Honestly, I had never seen anything like it. If I looked out the window of the room I had rented in downtown Gaza, our street slowly snaked its way down to the Mediterranean Sea. A 15-minute walk would take me to the beach and to Gaza’s port. A 15-minute drive up the street, to the east, would bring me to the edge of Gaza’s dense urban space. This was the edge, not because Gaza wasn’t expanding or because the buildings and their residents weren’t multiplying, but because it simply couldn’t go any further. If you drove 15 minutes east you were in Shuja’iyya, one of Gaza’s biggest neighborhoods, which quickly gave way to a continually shrinking strip of agricultural land and the militarized border with Israel.

The Rimal neighborhood of Gaza City on a busy Thursday evening (2013).

I remember the night that I took that photo of downtown Gaza. I had rented a room from two local teachers. The Rimal neighborhood was busy because it was a Thursday and the weekend had just started. I put my camera on the ledge of the window in my room and let the exposure run. In a way, I’ve always felt like that photo captured how vibrant and beautiful Gaza is.

Shortly after I took that photo the power went out across the city. One of Gaza’s regular rolling blackouts. There’s one electricity plant in the Gaza Strip, and it has long been unable to meet Gaza’s electricity needs. Even with additional power brought in from Israel or Egypt, it’s never enough. The plant has been damaged numerous times during Israel’s years of shelling the Strip. In 2017 it ran out of fuel. Israel and the Palestinian Authority blamed the Hamas government for being incapable of efficiently running the plant. Hamas blamed the Palestinian Authority (and by extension Israel) for taxing the fuel imports necessary for keeping the plant operational. In the summer of 2017, untreated sewage ran into the Mediterranean because the electricity was off and the treatment plants couldn’t function.

When the power went out that night, I had already gotten used to it. I had been in Gaza for a few weeks by then and had adjusted myself to the frequency and length of the outages. I remember leaning against the window sill in the apartment, looking out at the darkness all around. The owner of the shop below our apartment building rolled his gas generator outside and I could make out the outline of his body as he stood over it, pulling the cord to get it started. As it heaved to life I saw the logo of the Pepsi cooler at the door of the shop light up again. When the shop re-opened I could see children from the neighborhood going in to buy bags of chips and cans of pop. Soon I heard a chorus of generators starting up in the neighborhood around our apartment. That night Gaza was doing what it has always done, ever since it was forced to shoulder the seemingly crushing weight of occupation. It was refusing to be quiet. It was refusing to let the light go out.
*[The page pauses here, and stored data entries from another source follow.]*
(* There exist universal constants $C,C'>0$ such that for every $m>0$, every $\beta\in(0,1/3)$, every $\epsilon\in(0,1)$, every odd $n\in\mathbb{N}$ with $n\epsilon\ge C\ln(1/\beta)$, and every $D\in\mathcal{CTM}$, setting $\alpha^*=1/(n\epsilon)$, with probability at least $1-\beta$, $$\mathrm{FAIR}(D,\mathtt{DPExpMed}_{\alpha^*}(D))\le C'\frac{m}{n\epsilon}\ln\frac1\beta.$$
   Context: $V=[-m/2,m/2]$. A dataset is $D=(x_1,\dots,x_n)\in V^n$, indexed so that $x_1\le\dots\le x_n$, with median (optimal location) $\mathcal{T}(D)=x_{\lceil n/2\rceil}$. $\mathrm{FAIR}(D,\ell)=\max_{1\le i\le n}\left(|x_i-\ell|-|x_i-\mathcal{T}(D)|\right)$ (maximum individual utility loss when agent utilities are $-|x_i-\ell|$). $\mathcal{CTM}$ is the set of datasets with $|x_{i+1}-x_i|\ge|x_{j+1}-x_j|$ for all $1\le i<j\le\lceil n/2\rceil-1$ and $|x_i-x_{i-1}|\ge|x_j-x_{j-1}|$ for all $\lceil n/2\rceil+1\le j<i\le n$. The percentile loss $q(D,a)$ for $a\in V$ is: $\min\{|\lceil n/2\rceil-i|: a\in[x_i,\mathcal{T}(D)]\}$ if $a\in[x_1,\mathcal{T}(D)]$; $\min\{|\lceil n/2\rceil-i|: a\in[\mathcal{T}(D),x_i]\}$ if $a\in(\mathcal{T}(D),x_n]$; $\lceil n/2\rceil$ otherwise. The widened loss is $p_\alpha(D,\ell)=\min_{a\in V:|a-\ell|\le\alpha m}q(D,a)$. $\mathtt{DPExpMed}_\alpha(D)$ is the random point of $V$ with density proportional to $\exp(-\frac{\epsilon}{2}p_\alpha(D,\ell))$. *)

From mathcomp Require Import all_boot all_order all_algebra.
From mathcomp Require Import all_classical all_reals all_analysis.
Set Implicit Arguments. Unset Strict Implicit. Unset Printing Implicit Defensive.
Import Order.TTheory GRing.Theory Num.Theory.
Local Open Scope classical_set_scope.
Local Open Scope ring_scope.

(* A dataset D = (x_1,...,x_n) is represented by x : nat -> R together with n;
   only the values x 1, ..., x n are meaningful (1-based indexing as in the paper). *)

Section Defs.
Variable R : realType.

Definition Vset (m : R) : set R := [set l | - (m / 2) <= l <= m / 2].

Definition midx (n : nat) : nat := uphalf n.

Definition Tmed (x : nat -> R) (n : nat) : R := x (midx n).

(* FAIR(D, l) = max_{1<=i<=n} (|x_i - l| - |x_i - T(D)|).
   The seed 0 is harmless: the term i = ceil(n/2) is >= 0. *)
Definition FAIR (x : nat -> R) (n : nat) (l : R) : R :=
  \big[Num.max/0]_(1 <= i < n.+1) (`|x i - l| - `|x i - Tmed x n|).

Definition sorted_data (x : nat -> R) (n : nat) : Prop :=
  forall i, (1 <= i)%N -> (i < n)%N -> x i <= x i.+1.

Definition data_in_V (m : R) (x : nat -> R) (n : nat) : Prop :=
  forall i, (1 <= i <= n)%N -> Vset m (x i).

Definition CTM (x : nat -> R) (n : nat) : Prop :=
  (forall i j, (1 <= i)%N -> (i < j)%N -> (j <= midx n - 1)%N ->
      `|x j.+1 - x j| <= `|x i.+1 - x i|) /\
  (forall i j, (midx n + 1 <= j)%N -> (j < i)%N -> (i <= n)%N ->
      `|x j - x j.-1| <= `|x i - x i.-1|).

Definition distn (a b : nat) : nat := (a - b) + (b - a).

(* percentile loss q(D, a).  The minima are over nonempty finite sets of
   naturals bounded by ceil(n/2), so the seed ceil(n/2) does not alter them. *)
Definition qloss (x : nat -> R) (n : nat) (a : R) : nat :=
  if (x 1 <= a) && (a <= Tmed x n) then
    \big[minn/midx n]_(1 <= i < n.+1 | (x i <= a) && (a <= Tmed x n)) distn (midx n) i
  else if (Tmed x n < a) && (a <= x n) then
    \big[minn/midx n]_(1 <= i < n.+1 | (Tmed x n <= a) && (a <= x i)) distn (midx n) i
  else midx n.

(* widened loss p_alpha(D, l) = min_{a in V, |a - l| <= alpha m} q(D, a)
   (a minimum of naturals, written as an infimum in R). *)
Definition ploss (m alpha : R) (x : nat -> R) (n : nat) (l : R) : R :=
  inf [set ((qloss x n a)%:R : R) | a in [set a | Vset m a /\ `|a - l| <= alpha * m]].

Definition expmed_weight (m eps alpha : R) (x : nat -> R) (n : nat) (l : R) : R :=
  expR (- (eps / 2) * ploss m alpha x n l).

(* Pr[DPExpMed_alpha(D) \in S] : density w.r.t. Lebesgue measure on V,
   proportional to exp(-eps/2 * p_alpha(D, l)). *)
Definition DPExpMed_prob (m eps alpha : R) (x : nat -> R) (n : nat) (S : set R) : R :=
  Rintegral lebesgue_measure (Vset m `&` S) (expmed_weight m eps alpha x n) /
  Rintegral lebesgue_measure (Vset m) (expmed_weight m eps alpha x n).

End Defs.

From mathcomp Require Import all_boot all_order all_algebra.
From mathcomp Require Import all_classical all_reals all_analysis.
From mathcomp Require Import measurable_realfun.
From mathcomp Require Import zify ring lra.
Set Implicit Arguments. Unset Strict Implicit. Unset Printing Implicit Defensive.
Import Order.TTheory GRing.Theory Num.Theory.
Import numFieldNormedType.Exports.
Local Open Scope classical_set_scope.
Local Open Scope ring_scope.

(* Write n = 2h + 1, so that the median is T = x_(h+1).  In a CTM dataset the gaps
   shrink towards the median, so by the chord inequality for concave sequences a data
   point at distance d from T lies at least h d / m positions away from the median.
   Hence the percentile loss grows at rate at least h / m away from T, and the widened
   loss p_alpha vanishes within distance alpha m of T and grows linearly beyond it.
   The weight of DPExpMed is therefore 1 on a plateau of length alpha m and decays like
   exp (- c (|l - T| - alpha m)) with c = eps h / (2 m).  As FAIR (D, l) <= |l - T|,
   comparing the exponential tail beyond distance t with the plateau bounds the failure
   probability by 2 exp (c (alpha m - t)) / (c alpha m), which is at most beta for
   alpha = 1 / (n eps) and t = 24 m ln (1 / beta) / (n eps). *)

Section ConcaveChord.
Variables (R : realFieldType) (y : nat -> R) (k : nat).
Hypothesis y_incr : forall i, (1 <= i)%N -> (i < k)%N -> y i <= y i.+1.
Hypothesis gap_noninc : forall i j, (1 <= i)%N -> (i < j)%N -> (j <= k - 1)%N ->
  y j.+1 - y j <= y i.+1 - y i.

Lemma chord_le_gap i : (1 <= i < k)%N -> y k - y i <= (k - i)%:R * (y i.+1 - y i).
Proof.
move=> /andP[i1 ik]; rewrite -(telescope_sumr y (ltnW ik)) mulr_natl -sumr_const_nat.
apply: ler_sum_nat => j /andP[ij jk].
have [<-|ji] := eqVneq i j; first by [].
by apply: gap_noninc; lia.
Qed.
Over the past two years I’ve retreated from discussions about Palestine, even though it’s at the center of my work. I’ve disengaged, in part because it all looks increasingly dark to me. It feels dark, in a way that it never has to me before. But lately, as I’ve mentally marked 5yrs since my visit, my mind has circled back to Gaza. Recently, thousands of Palestinians have marched on Gaza’s borders to demand their rights. When I read about what’s happening in Gaza now, I still find myself fixating on what feels like darkness. But I’ve also found myself thinking about that night in 2013. That night we collectively, briefly, descended into darkness. I heard the city quiet down as I stood at my window. But then, within minutes Gaza’s residents brought the city back from that darkness and into the light. Right now, as it always is, that’s what Gaza is doing. It’s refusing to be quiet, it’s refusing to be consumed by darkness. 

Thanks to Uri Horesh and Taylor R. Genovese for their feedback on an earlier version of this.